Shares were down nearly five per cent at the time of writing, following a set of disclosures to the London Stock Exchange (LSE).

Fankhauser paid 29p per share, higher than the current trading price of 27.24p.

In its annual report published today, the tour operator admitted that 2018 had been a year of "mixed fortunes".

Thomas Cook has seen its share price tumble from a peak of 120p to current levels after a series of profit warnings which the company blamed on prolonged periods of hot weather that kept its customers at home.

While Fankhauser received a pay rise in 2018, from £717,800 in 2017 to £732,100 this year, he did not receive his annual bonus due to financial hurdles not being met. Outgoing chief financial officer Bill Scott also did not pick up his bonus.

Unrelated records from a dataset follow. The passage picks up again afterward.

Lemma Q_pos (m : nat) : 1 <= Q m.
Proof.
  induction m as [|m IH]; [rewrite qcoef_0; lia|].
  pose proof (Q_term m m (le_n _)) as H. replace (S m - m) with 1 in H by lia.
  rewrite Nat.pow_1_l in H. lia.
Qed.

(* Every composition of m contributes at most [maxprod m ^ d]. *)
Lemma Q_crude (m : nat) : Q m <= ncomp m * maxprod m ^ d.
Proof.
  induction m as [m IH] using lt_wf_ind.
  destruct m as [|m]; [rewrite qcoef_0; simpl; rewrite Nat.pow_1_l; lia|].
  rewrite Q_S. change (ncomp (S m)) with (2 ^ m). rewrite <- ncomp_sum, <- sumn_mulr.
  apply sumn_le. intros j Hj.
  pose proof (IH j ltac:(lia)) as Hq.
  pose proof (maxprod_mul_le (S m - j) j ltac:(lia)) as Hk.
  replace (S m - j + j) with (S m) in Hk by lia.
  apply Nat.pow_le_mono_l with (c := d) in Hk. rewrite Nat.pow_mul_l in Hk.
  apply Nat.le_trans with ((S m - j) ^ d * (ncomp j * maxprod j ^ d)); [nia|].
  nia.
Qed.

(* One term of the refined bound: a tight first part k keeps the leading
   coefficient, a non-tight one loses a factor (8/9)^d. *)
Lemma Q_fine_term (k j : nat) : 1 <= k ->
  9 ^ d * Q j <= nopt j * (9 * maxprod j) ^ d + ncomp j * (8 * maxprod j) ^ d ->
  9 ^ d * (k ^ d * Q j) <=
    (if tightb k j then nopt j else 0) * (9 * maxprod (k + j)) ^ d
    + ncomp j * (8 * maxprod (k + j)) ^ d.
Proof.
  intros Hk IH. destruct (tightb k j) eqn:Ht.
  - apply Nat.eqb_eq in Ht. rewrite <- Ht, !Nat.pow_mul_l in *.
    assert (Hmul : k ^ d * (9 ^ d * Q j)
              <= k ^ d * (nopt j * (9 ^ d * maxprod j ^ d) + ncomp j * (8 ^ d * maxprod j ^ d)))
      by (apply Nat.mul_le_mono_l; exact IH).
    nia.
  - pose proof (tight_gap k j Hk Ht) as Hgap. pose proof (Q_crude j) as Hc.
    apply Nat.pow_le_mono_l with (c := d) in Hgap. rewrite !Nat.pow_mul_l in *.
    assert (Hmul : 9 ^ d * (k ^ d * Q j) <= 9 ^ d * (k ^ d * (ncomp j * maxprod j ^ d)))
      by (apply Nat.mul_le_mono_l, Nat.mul_le_mono_l; exact Hc).
    nia.
Qed.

The company reported a £53m slump in profits before tax at the end of September, compared with a profit of £43m the previous year. Profit losses for the year as a whole totalled £163m in 2018, compared with a £9m profit in 2017.

Fankhauser said: "2018 was a disappointing year for Thomas Cook, despite achieving some important milestones in our strategy for transforming the business.

"After a good first six months of the year, we went into the summer with a positive position, confident of filling all our committed hotel accommodation and flight capacity at good returns. However, with the start of the heatwave in May, that demand tailed off in the fourth quarter, with customers across our European source markets delaying decisions about their summer holidays as they enjoyed record temperatures at home. This delay in bookings resulted in oversupply across the market and an even more competitive pricing environment than usual, restricting our ability to achieve the planned margins in the 'lates' booking period.

"While all our source markets were impacted, we saw a particular hit to our UK business where the slowdown in bookings came on top of an already competitive market for Spanish holidays."

Fanhauser said that for 2019 Thomas Cook would reduce its airline capacity to focus on "higher quality, higher-margin hotels and destinations".